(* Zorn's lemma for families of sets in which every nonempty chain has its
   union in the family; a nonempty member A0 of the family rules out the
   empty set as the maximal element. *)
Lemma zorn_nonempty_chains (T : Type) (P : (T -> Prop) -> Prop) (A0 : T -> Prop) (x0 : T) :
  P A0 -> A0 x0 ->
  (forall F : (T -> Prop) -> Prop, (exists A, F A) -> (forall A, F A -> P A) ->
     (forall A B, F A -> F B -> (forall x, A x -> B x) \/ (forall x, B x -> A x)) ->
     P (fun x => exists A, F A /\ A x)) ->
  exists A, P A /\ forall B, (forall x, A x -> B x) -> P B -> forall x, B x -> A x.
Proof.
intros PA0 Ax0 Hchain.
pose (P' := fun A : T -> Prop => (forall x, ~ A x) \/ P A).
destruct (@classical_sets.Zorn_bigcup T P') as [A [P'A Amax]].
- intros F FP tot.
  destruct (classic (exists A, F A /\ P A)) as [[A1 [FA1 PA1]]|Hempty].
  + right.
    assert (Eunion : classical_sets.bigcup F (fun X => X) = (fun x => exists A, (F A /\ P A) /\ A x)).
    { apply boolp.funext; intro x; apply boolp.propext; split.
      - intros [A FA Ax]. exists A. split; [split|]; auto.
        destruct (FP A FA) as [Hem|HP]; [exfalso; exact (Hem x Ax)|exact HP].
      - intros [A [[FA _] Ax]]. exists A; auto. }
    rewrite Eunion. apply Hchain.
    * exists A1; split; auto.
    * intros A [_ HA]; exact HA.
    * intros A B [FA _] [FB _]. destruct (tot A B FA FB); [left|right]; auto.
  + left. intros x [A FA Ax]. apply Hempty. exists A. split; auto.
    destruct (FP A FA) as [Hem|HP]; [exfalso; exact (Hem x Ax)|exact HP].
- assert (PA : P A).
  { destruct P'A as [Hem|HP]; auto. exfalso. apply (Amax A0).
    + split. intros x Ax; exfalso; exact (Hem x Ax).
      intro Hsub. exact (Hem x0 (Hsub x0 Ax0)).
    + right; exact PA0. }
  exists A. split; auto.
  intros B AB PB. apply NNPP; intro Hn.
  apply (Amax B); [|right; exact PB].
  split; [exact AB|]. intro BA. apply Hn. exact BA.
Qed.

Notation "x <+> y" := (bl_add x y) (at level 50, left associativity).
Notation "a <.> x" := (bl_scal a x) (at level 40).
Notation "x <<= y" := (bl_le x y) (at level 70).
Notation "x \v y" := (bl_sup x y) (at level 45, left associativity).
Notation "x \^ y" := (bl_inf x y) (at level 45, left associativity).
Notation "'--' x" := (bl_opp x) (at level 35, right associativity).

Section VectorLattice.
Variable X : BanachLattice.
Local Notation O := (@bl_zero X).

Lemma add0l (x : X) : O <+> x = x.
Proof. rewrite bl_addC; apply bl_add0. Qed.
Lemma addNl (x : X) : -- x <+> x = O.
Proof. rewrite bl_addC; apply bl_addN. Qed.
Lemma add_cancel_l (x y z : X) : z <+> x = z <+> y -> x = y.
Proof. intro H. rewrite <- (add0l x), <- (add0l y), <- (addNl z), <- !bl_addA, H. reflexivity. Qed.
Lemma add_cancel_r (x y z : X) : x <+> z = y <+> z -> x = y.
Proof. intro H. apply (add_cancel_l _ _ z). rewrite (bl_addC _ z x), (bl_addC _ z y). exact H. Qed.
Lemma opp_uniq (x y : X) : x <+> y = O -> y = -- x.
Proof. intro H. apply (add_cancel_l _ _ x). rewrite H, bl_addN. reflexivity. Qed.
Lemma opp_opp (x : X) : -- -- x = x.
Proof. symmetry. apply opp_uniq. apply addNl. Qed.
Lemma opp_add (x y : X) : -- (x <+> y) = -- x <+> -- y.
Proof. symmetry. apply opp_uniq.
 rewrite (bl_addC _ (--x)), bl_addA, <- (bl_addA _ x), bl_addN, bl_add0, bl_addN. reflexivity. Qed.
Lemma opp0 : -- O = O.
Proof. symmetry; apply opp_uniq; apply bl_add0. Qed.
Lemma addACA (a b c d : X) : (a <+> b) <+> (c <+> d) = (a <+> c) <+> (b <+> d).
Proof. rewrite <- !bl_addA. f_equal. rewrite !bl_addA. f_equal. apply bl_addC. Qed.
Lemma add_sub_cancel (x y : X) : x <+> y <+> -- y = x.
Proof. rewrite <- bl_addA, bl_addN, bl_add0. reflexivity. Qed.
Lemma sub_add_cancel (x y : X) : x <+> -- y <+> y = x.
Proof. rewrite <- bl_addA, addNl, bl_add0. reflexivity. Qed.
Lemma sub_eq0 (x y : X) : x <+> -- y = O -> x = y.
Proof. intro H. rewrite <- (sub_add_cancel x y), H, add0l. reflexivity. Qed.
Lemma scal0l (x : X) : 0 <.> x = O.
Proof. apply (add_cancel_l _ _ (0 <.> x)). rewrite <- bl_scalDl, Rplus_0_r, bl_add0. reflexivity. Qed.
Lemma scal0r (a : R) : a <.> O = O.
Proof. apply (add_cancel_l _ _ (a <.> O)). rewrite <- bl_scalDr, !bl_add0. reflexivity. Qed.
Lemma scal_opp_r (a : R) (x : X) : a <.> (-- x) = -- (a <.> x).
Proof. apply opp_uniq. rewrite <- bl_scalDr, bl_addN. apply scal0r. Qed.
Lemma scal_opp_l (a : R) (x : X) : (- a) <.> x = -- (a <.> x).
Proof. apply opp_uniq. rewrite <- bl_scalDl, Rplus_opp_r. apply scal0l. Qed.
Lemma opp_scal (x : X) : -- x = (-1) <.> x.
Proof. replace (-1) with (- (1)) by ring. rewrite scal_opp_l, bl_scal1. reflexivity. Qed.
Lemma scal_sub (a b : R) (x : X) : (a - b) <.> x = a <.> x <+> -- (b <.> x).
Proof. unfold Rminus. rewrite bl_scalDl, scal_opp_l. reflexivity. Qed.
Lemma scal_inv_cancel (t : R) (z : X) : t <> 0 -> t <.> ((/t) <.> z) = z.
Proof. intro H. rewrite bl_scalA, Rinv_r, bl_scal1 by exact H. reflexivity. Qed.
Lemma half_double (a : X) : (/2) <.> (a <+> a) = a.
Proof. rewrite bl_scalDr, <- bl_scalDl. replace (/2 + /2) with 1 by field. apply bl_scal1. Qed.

···

Give the number of lines in the records that contain the string "right", and nothing besides.

5